Burak Şahinoğlu of the California Institute of Technology will give the Stanford Institute for Theoretical Physics (SITP) Monday Colloquium.

**Abstract**: Motivated by the close relationship between quantum error-correction, topological order, the holographic AdS/CFT duality, and tensor networks, we initiate the study of approximate quantum error-detecting codes in matrix product states (MPS). We first show that using open-boundary MPS to define boundary to bulk encoding maps yields at most constant distance error-detecting codes. These are degenerate ground spaces of gapped local Hamiltonians. To get around this no-go result, we consider excited states, i.e., we use the excitation ansatz to construct encoding maps: these yield error-detecting codes with distance Ω(n^{1−ν}) for any ν∈(0,1) and Ω(log n) encoded qubits. This shows that gapped systems contain -within isolated energy bands- error-detecting codes spanned by momentum eigenstates. We also consider the gapless Heisenberg-XXX model, whose energy eigenstates can be described via Bethe ansatz tensor networks.

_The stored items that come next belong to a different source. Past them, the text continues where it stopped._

(* Let $V$ be a commutative unital quantale whose underlying lattice is a frame and in which $k=\top$. Let $(X,a)$ and $(Y,b)$ be $V$-groups, $\varphi\colon Y\to\mathrm{Aut}(X)$ a group action, and $X\rtimes Y$ the semidirect product group defined by $\varphi$. The following are equivalent: (i) $(X,a)\xrightarrow{\langle 1,0\rangle}(X\rtimes Y,a\otimes b)\underset{\langle 0,1\rangle}{\overset{\pi_2}{\rightleftarrows}}(Y,b)$ is a split extension in $\mathsf{VGrp}$, where $(a\otimes b)((x,y),(x',y'))=a(x,x')\otimes b(y,y')$; (ii) the map $\overline{\varphi}\colon(X\times Y,a\otimes b)\to(X\times Y,a\otimes b)$, $(x,y)\mapsto(\varphi_y(x),y)$, is a $V$-functor.
   Context: A commutative unital quantale $V$ is a complete lattice with a commutative associative operation $\otimes$ with unit $k$ preserving arbitrary joins in each variable. A $V$-category $(X,a)$: $a\colon X\times X\to V$ with $k\le a(x,x)$ and $a(x,x')\otimes a(x',x'')\le a(x,x'')$; a $V$-functor is a map $f$ with $a(x,x')\le b(f(x),f(x'))$. A $V$-group $(X,a,+)$ is a $V$-category with a group structure (additive, not necessarily abelian) such that $a(x_1,x_2)\otimes a(x_1',x_2')\le a(x_1+x_1',x_2+x_2')$; $V$-homomorphisms are group homomorphisms that are $V$-functors; category $\mathsf{VGrp}$ (pointed since $k=\top$). The semidirect product $X\rtimes Y$ is $X\times Y$ with $(x,y)+(x',y')=(x+\varphi_y(x'),y+y')$, $\varphi_y=\varphi(y)$; $\langle 1,0\rangle(x)=(x,0)$, $\langle 0,1\rangle(y)=(0,y)$, $\pi_2(x,y)=y$. A split extension in $\mathsf{VGrp}$ means: the structure on the middle object makes it a $V$-group, all three maps are $V$-homomorphisms, $\pi_2\circ\langle 0,1\rangle=1_Y$, and $\langle 1,0\rangle$ is a kernel of $\pi_2$ in $\mathsf{VGrp}$. *)

Set Implicit Arguments.
Unset Strict Implicit.

Record Quantale := {
  qcar :> Type;
  qle : qcar -> qcar -> Prop;
  qle_refl : forall x, qle x x;
  qle_trans : forall x y z, qle x y -> qle y z -> qle x z;
  qle_antisym : forall x y, qle x y -> qle y x -> x = y;
  qsup : (qcar -> Prop) -> qcar;
  qsup_ub : forall (S : qcar -> Prop) x, S x -> qle x (qsup S);
  qsup_least : forall (S : qcar -> Prop) u, (forall x, S x -> qle x u) -> qle (qsup S) u;
  qten : qcar -> qcar -> qcar;
  qk : qcar;
  qten_comm : forall x y, qten x y = qten y x;
  qten_assoc : forall x y z, qten x (qten y z) = qten (qten x y) z;
  qten_unit : forall x, qten qk x = x;
  qten_supr : forall x (S : qcar -> Prop),
      qten x (qsup S) = qsup (fun z => exists s, S s /\ z = qten x s);
  qten_supl : forall x (S : qcar -> Prop),
      qten (qsup S) x = qsup (fun z => exists s, S s /\ z = qten s x)
}.

Arguments qle {q}.
Arguments qsup {q}.
Arguments qten {q}.
Arguments qk {q}.

Definition qtop (V : Quantale) : V := qsup (fun _ => True).

Definition qmeet (V : Quantale) (x y : V) : V :=
  qsup (fun z => qle z x /\ qle z y).

Definition is_frame (V : Quantale) : Prop :=
  forall (x : V) (S : V -> Prop),
    qmeet x (qsup S) = qsup (fun z => exists s, S s /\ z = qmeet x s).

Definition is_group (T : Type) (add : T -> T -> T) (zero : T) (opp : T -> T) : Prop :=
  (forall x y z, add x (add y z) = add (add x y) z) /\
  (forall x, add zero x = x) /\ (forall x, add x zero = x) /\
  (forall x, add (opp x) x = zero) /\ (forall x, add x (opp x) = zero).

Definition is_vcat (V : Quantale) (X : Type) (a : X -> X -> V) : Prop :=
  (forall x, qle qk (a x x)) /\
  (forall x x' x'', qle (qten (a x x') (a x' x'')) (a x x'')).

Definition is_vfunctor (V : Quantale) (X Y : Type) (a : X -> X -> V) (b : Y -> Y -> V)
  (f : X -> Y) : Prop :=
  forall x x', qle (a x x') (b (f x) (f x')).

Definition vtensor (V : Quantale) (X Y : Type) (a : X -> X -> V) (b : Y -> Y -> V)
  : X * Y -> X * Y -> V :=
  fun p q => qten (a (fst p) (fst q)) (b (snd p) (snd q)).

Record RawVG (V : Quantale) := {
  r_car :> Type;
  r_add : r_car -> r_car -> r_car;
  r_zero : r_car;
  r_opp : r_car -> r_car;
  r_dist : r_car -> r_car -> V
}.

Arguments r_add {V r}.
Arguments r_zero {V}.
Arguments r_opp {V r}.
Arguments r_dist {V r}.

Definition is_vgroup (V : Quantale) (G : RawVG V) : Prop :=
  is_group (@r_add V G) (r_zero G) (@r_opp V G) /\
  is_vcat (@r_dist V G) /\
  (forall x1 x2 x1' x2' : G,
      qle (qten (r_dist x1 x2) (r_dist x1' x2')) (r_dist (r_add x1 x1') (r_add x2 x2'))).

Record VGroup (V : Quantale) := {
  vg_raw :> RawVG V;
  vg_ax : is_vgroup vg_raw
}.

Definition is_vhom (V : Quantale) (A B : RawVG V) (f : A -> B) : Prop :=
  (forall x y : A, f (r_add x y) = r_add (f x) (f y)) /\
  is_vfunctor (@r_dist V A) (@r_dist V B) f.

(** [k : K -> A] is a kernel of [p : A -> B] in VGrp (a pointed category whose
    zero morphisms are the constant-zero maps). *)
Definition is_kernel_VGrp (V : Quantale) (K A B : RawVG V) (k : K -> A) (p : A -> B)
  : Prop :=
  is_vhom k /\ (forall x : K, p (k x) = r_zero B) /\
  forall (Z : VGroup V) (f : Z -> A),
    is_vhom (A := Z) f -> (forall z, p (f z) = r_zero B) ->
    exists g : Z -> K,
      is_vhom (A := Z) g /\ (forall z, k (g z) = f z) /\
      (forall g' : Z -> K, is_vhom (A := Z) g' -> (forall z, k (g' z) = f z) ->
         forall z, g' z = g z).

Definition is_bijective (X : Type) (f : X -> X) : Prop :=
  exists g : X -> X, (forall x, g (f x) = x) /\ (forall x, f (g x) = x).

Definition is_group_action (V : Quantale) (X Y : VGroup V) (phi : Y -> X -> X) : Prop :=
  (forall (y : Y) (x x' : X), phi y (r_add x x') = r_add (phi y x) (phi y x')) /\
  (forall y : Y, is_bijective (phi y)) /\
  (forall x : X, phi (r_zero Y) x = x) /\
  (forall (y y' : Y) (x : X), phi (r_add y y') x = phi y (phi y' x)).

Definition sd_add (V : Quantale) (X Y : VGroup V) (phi : Y -> X -> X)
  (p q : X * Y) : X * Y :=
  (r_add (fst p) (phi (snd p) (fst q)), r_add (snd p) (snd q)).

Definition sd_opp (V : Quantale) (X Y : VGroup V) (phi : Y -> X -> X)
  (p : X * Y) : X * Y :=
  (phi (r_opp (snd p)) (r_opp (fst p)), r_opp (snd p)).

Definition semidirect (V : Quantale) (X Y : VGroup V) (phi : Y -> X -> X) : RawVG V :=
  {| r_car := (X * Y)%type;
     r_add := sd_add phi;
     r_zero := (r_zero X, r_zero Y);
     r_opp := sd_opp phi;
     r_dist := vtensor (@r_dist V X) (@r_dist V Y) |}.

Definition incl1 (V : Quantale) (X Y : VGroup V) (x : X) : X * Y := (x, r_zero Y).
Definition incl2 (V : Quantale) (X Y : VGroup V) (y : Y) : X * Y := (r_zero X, y).
Definition proj2 (V : Quantale) (X Y : VGroup V) (p : X * Y) : (Y : Type) := snd p.

Definition split_extension_sd (V : Quantale) (X Y : VGroup V) (phi : Y -> X -> X)
  : Prop :=
  is_vgroup (semidirect phi) /\
  is_vhom (A := X) (B := semidirect phi) (@incl1 V X Y) /\
  is_vhom (A := semidirect phi) (B := Y) (@proj2 V X Y) /\
  is_vhom (A := Y) (B := semidirect phi) (@incl2 V X Y) /\
  (forall y : Y, proj2 (incl2 X y) = y) /\
  is_kernel_VGrp (K := X) (A := semidirect phi) (B := Y) (@incl1 V X Y) (@proj2 V X Y).

Definition phibar (V : Quantale) (X Y : VGroup V) (phi : Y -> X -> X)
  (p : X * Y) : X * Y := (phi (snd p) (fst p), snd p).


Set Implicit Arguments.
Unset Strict Implicit.

(* Since [k = ⊤], every tensor [u ⊗ v] lies below [u] and below [v], and every
   diagonal distance [a(x, x)] equals [k].  Hence [(0, y) + (x, 0) = (φ_y x, y)]
   turns the compatibility of [a ⊗ b] with the semidirect addition, applied to
   these four points, into exactly the V-functoriality of [φ̄]; conversely,
   writing [(x1, y1) + (x1', y1') = (x1 + φ_{y1} x1', y1 + y1')], functoriality
   of [φ̄] bounds the middle terms and the compatibility of [a] and [b] does the
   rest.  Integrality also makes [π2], [⟨1,0⟩] and [⟨0,1⟩] V-functors and the
   corestriction [f ↦ fst ∘ f] a V-homomorphism, which gives the kernel
   property. *)

Section QuantaleTensor.

Variable V : Quantale.

Lemma qten_monor (z x y : V) : qle x y -> qle (qten z x) (qten z y).
Proof.
  intro Hxy.
  assert (Hsup : qsup (fun w => w = x \/ w = y) = y).
  { apply qle_antisym.
    - apply qsup_least. intros w [-> | ->]; [exact Hxy | apply qle_refl].
    - apply qsup_ub. right; reflexivity. }
  rewrite <- Hsup, qten_supr.
  apply qsup_ub. exists x. split; [left |]; reflexivity.
Qed.

Lemma qten_mono (x x' y y' : V) :
  qle x x' -> qle y y' -> qle (qten x y) (qten x' y').
Proof.
  intros Hx Hy. apply qle_trans with (qten x y').
  - apply qten_monor; exact Hy.
  - rewrite (qten_comm x), (qten_comm x'). apply qten_monor; exact Hx.
Qed.

Lemma qten_unitr (x : V) : qten x qk = x.
Proof. rewrite qten_comm; apply qten_unit. Qed.

Lemma qle_qtop (x : V) : qle x (qtop V).
Proof. apply qsup_ub. exact I. Qed.

Lemma qten_ACA (u v w z : V) :
  qten (qten u v) (qten w z) = qten (qten u w) (qten v z).
Proof.
  rewrite <- !qten_assoc. f_equal. rewrite !qten_assoc. f_equal. apply qten_comm.
Qed.

Lemma vtensor_is_vcat (X Y : Type) (a : X -> X -> V) (b : Y -> Y -> V) :
  is_vcat a -> is_vcat b -> is_vcat (vtensor a b).
Proof.
  intros [Ha_refl Ha_trans] [Hb_refl Hb_trans]. split.
  - intros [x y]. unfold vtensor; simpl.
    rewrite <- (qten_unit qk). apply qten_mono; auto.
  - intros [x y] [x' y'] [x'' y'']. unfold vtensor; simpl.
    rewrite qten_ACA. apply qten_mono; auto.
Qed.

Hypothesis Hk : qk = qtop V.

Lemma qten_lel (x y : V) : qle (qten x y) x.
Proof.
  apply qle_trans with (qten x qk); [| rewrite qten_unitr; apply qle_refl].
  apply qten_monor. rewrite Hk. apply qle_qtop.
Qed.

Lemma qten_ler (x y : V) : qle (qten x y) y.
Proof. rewrite qten_comm. apply qten_lel. Qed.

Lemma vcat_diag (X : Type) (a : X -> X -> V) (x : X) : is_vcat a -> a x x = qk.
Proof.
  intros [Hrefl _]. apply qle_antisym; [rewrite Hk; apply qle_qtop | apply Hrefl].
Qed.

End QuantaleTensor.

Lemma additive_fixes_zero (T : Type) (add : T -> T -> T) (zero : T) (opp : T -> T)
  (f : T -> T) :
  is_group add zero opp -> (forall x x', f (add x x') = add (f x) (f x')) ->
  f zero = zero.
Proof.
  intros [Hassoc [Hzerol [_ [Hoppl _]]]] Hadd.
  assert (Hidem : f zero = add (f zero) (f zero)) by (rewrite <- Hadd, Hzerol; reflexivity).
  transitivity (add (add (opp (f zero)) (f zero)) (f zero)).
  - rewrite Hoppl, Hzerol. reflexivity.
  - rewrite <- Hassoc, <- Hidem. apply Hoppl.
Qed.

Definition dist_add_compatible (V : Quantale) (G : RawVG V) : Prop :=
  forall x1 x2 x1' x2' : G,
    qle (qten (r_dist x1 x2) (r_dist x1' x2')) (r_dist (r_add x1 x1') (r_add x2 x2')).

Lemma vgroup_is_group (V : Quantale) (G : VGroup V) :
  is_group (@r_add V G) (r_zero G) (@r_opp V G).
Proof. destruct (vg_ax G) as [Hgroup _]; exact Hgroup. Qed.

Lemma vgroup_is_vcat (V : Quantale) (G : VGroup V) : is_vcat (@r_dist V G).
Proof. destruct (vg_ax G) as [_ [Hcat _]]; exact Hcat. Qed.

Lemma vgroup_add_compatible (V : Quantale) (G : VGroup V) : dist_add_compatible G.
Proof. destruct (vg_ax G) as [_ [_ Hcompat]]; exact Hcompat. Qed.

Section Semidirect.

Variables (V : Quantale) (X Y : VGroup V) (phi : Y -> X -> X).
Hypothesis Hphi : is_group_action phi.

Let GX := vgroup_is_group X.
Let GY := vgroup_is_group Y.
Let cat_X := vgroup_is_vcat X.
Let cat_Y := vgroup_is_vcat Y.

Lemma action_fixes_zero (y : Y) : phi y (r_zero X) = r_zero X.
Proof. apply (additive_fixes_zero GX). apply Hphi. Qed.

Lemma semidirect_is_group :
  is_group (@r_add V (semidirect phi)) (r_zero (semidirect phi)) (@r_opp V (semidirect phi)).
Proof.
  destruct GX as [XA [X0l [X0r [XNl XNr]]]], GY as [YA [Y0l [Y0r [YNl YNr]]]].
  destruct Hphi as [Hadd [_ [Hzero Hcomp]]].
  pose proof action_fixes_zero as Hfix.
  simpl; unfold sd_add, sd_opp; simpl.
  split; [| split; [| split; [| split]]].
  - intros [x1 y1] [x2 y2] [x3 y3]; simpl. rewrite Hadd, Hcomp, XA, YA. reflexivity.
  - intros [x y]; simpl. rewrite Hzero, X0l, Y0l. reflexivity.
  - intros [x y]; simpl. rewrite Hfix, X0r, Y0r. reflexivity.
  - intros [x y]; simpl. rewrite <- Hadd, XNl, Hfix, YNl. reflexivity.
  - intros [x y]; simpl. rewrite <- Hcomp, YNr, Hzero, XNr. reflexivity.
Qed.

Lemma phibar_as_sd_add (x : X) (y : Y) :
  phibar phi (x, y) = sd_add phi (r_zero X, y) (x, r_zero Y).
Proof.
  destruct GX as [_ [X0l _]], GY as [_ [_ [Y0r _]]].
  unfold sd_add, phibar; simpl. rewrite X0l, Y0r. reflexivity.
Qed.

Let dXY := vtensor (@r_dist V X) (@r_dist V Y).

Lemma compatible_of_phibar_vfunctor :
  is_vfunctor dXY dXY (phibar phi) -> dist_add_compatible (semidirect phi).
Proof.
  pose proof (vgroup_add_compatible (G := X)) as Xcompat.
  pose proof (vgroup_add_compatible (G := Y)) as Ycompat.
  intros Hf [x1 y1] [x2 y2] [x1' y1'] [x2' y2'].
  specialize (Hf (x1', y1) (x2', y2)).
  simpl; unfold dXY, vtensor, phibar, sd_add in *; simpl in *.
  assert (Hregroup : forall u v w z : V,
             qten (qten u v) (qten w z) = qten u (qten (qten w v) z)).
  { intros u v w z. rewrite (qten_comm w v), <- !qten_assoc. reflexivity. }
  rewrite Hregroup.
  eapply qle_trans.
  { apply qten_monor, qten_mono; [exact Hf | apply qle_refl]. }
  rewrite <- Hregroup, qten_ACA.
  apply qten_mono; auto.
Qed.

Section Integral.

Hypothesis Hk : qk = qtop V.

Lemma phibar_vfunctor_of_compatible :
  dist_add_compatible (semidirect phi) -> is_vfunctor dXY dXY (phibar phi).
Proof.
  intros Hcompat [x y] [x' y'].
  specialize (Hcompat (r_zero X, y) (r_zero X, y') (x, r_zero Y) (x', r_zero Y)).
  cbn [semidirect r_add r_dist] in Hcompat. rewrite <- !phibar_as_sd_add in Hcompat.
  unfold dXY, vtensor in *; simpl in *.
  rewrite !(vcat_diag Hk _ cat_X), !(vcat_diag Hk _ cat_Y), qten_unit, qten_unitr,
    qten_comm in Hcompat.
  exact Hcompat.
Qed.

Lemma incl1_vhom : is_vhom (A := X) (B := semidirect phi) (@incl1 V X Y).
Proof.
  destruct GY as [_ [Y0l _]], Hphi as [_ [_ [Hzero _]]]. split.
  - intros x x'. unfold incl1; simpl; unfold sd_add; simpl.
    rewrite Hzero, Y0l. reflexivity.
  - intros x x'. unfold incl1; simpl; unfold vtensor; simpl.
    rewrite (vcat_diag Hk _ cat_Y), qten_unitr. apply qle_refl.
Qed.

Lemma incl2_vhom : is_vhom (A := Y) (B := semidirect phi) (@incl2 V X Y).
Proof.
  destruct GX as [_ [X0l _]]. split.
  - intros y y'. unfold incl2; simpl; unfold sd_add; simpl.
    rewrite action_fixes_zero, X0l. reflexivity.
  - intros y y'. unfold incl2; simpl; unfold vtensor; simpl.
    rewrite (vcat_diag Hk _ cat_X), qten_unit. apply qle_refl.
Qed.

Lemma proj2_vhom : is_vhom (A := semidirect phi) (B := Y) (@proj2 V X Y).
Proof.
  split.
  - intros p q. reflexivity.
  - intros p q. apply qten_ler; exact Hk.
Qed.

Lemma incl1_kernel_proj2 :
  is_kernel_VGrp (K := X) (A := semidirect phi) (B := Y) (@incl1 V X Y) (@proj2 V X Y).
Proof.
  destruct Hphi as [_ [_ [Hzero _]]].
  split; [exact incl1_vhom | split; [reflexivity |]].
  intros Z f [f_add f_vfun] f_ker.
  exists (fun z => fst (f z)). split; [split | split].
  - intros z z'. rewrite f_add. simpl; unfold sd_add; simpl.
    pose proof (f_ker z) as Hz. unfold proj2 in Hz. rewrite Hz, Hzero. reflexivity.
  - intros z z'. eapply qle_trans; [apply f_vfun | apply qten_lel; exact Hk].
  - intros z. pose proof (f_ker z) as Hz. unfold proj2 in Hz. unfold incl1.
    rewrite <- Hz. destruct (f z); reflexivity.
  - intros g' _ Hg' z. rewrite <- (Hg' z). reflexivity.
Qed.

End Integral.

End Semidirect.

Theorem theorem7p2 (V : Quantale) (Hframe : is_frame V) (Hk : qk = qtop V)
  (X Y : VGroup V) (phi : Y -> X -> X) (Hphi : is_group_action phi) :
  split_extension_sd phi <->
  is_vfunctor (vtensor (@r_dist V X) (@r_dist V Y)) (vtensor (@r_dist V X) (@r_dist V Y))
    (phibar phi).
Proof.
  split.
  - intros [[_ [_ Hcompat]] _].
    exact (phibar_vfunctor_of_compatible Hk Hcompat).
  - intros Hf.
    split; [| split; [| split; [| split; [| split]]]].
    + split; [exact (semidirect_is_group Hphi) |].
      split; [apply vtensor_is_vcat; apply vgroup_is_vcat |].
      exact (compatible_of_phibar_vfunctor Hf).
    + exact (incl1_vhom Hphi Hk).
    + exact (proj2_vhom phi Hk).
    + exact (incl2_vhom Hphi Hk).
    + intros y; reflexivity.
    + exact (incl1_kernel_proj2 Hphi Hk).
Qed.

We show that it contains - within its low-energy eigenspace- an error-detecting code with the same parameter scaling. All these codes detect arbitrary d-local (not necessarily geometrically local) errors even though they are not permutation-invariant. This suggests that a wide range of naturally occurring many-body systems possess intrinsic error-detecting features. Joint work with Martina Gschwendtner, Robert König and Eugene Tang, which can be found at arXiv:1902.02115 [quant-ph]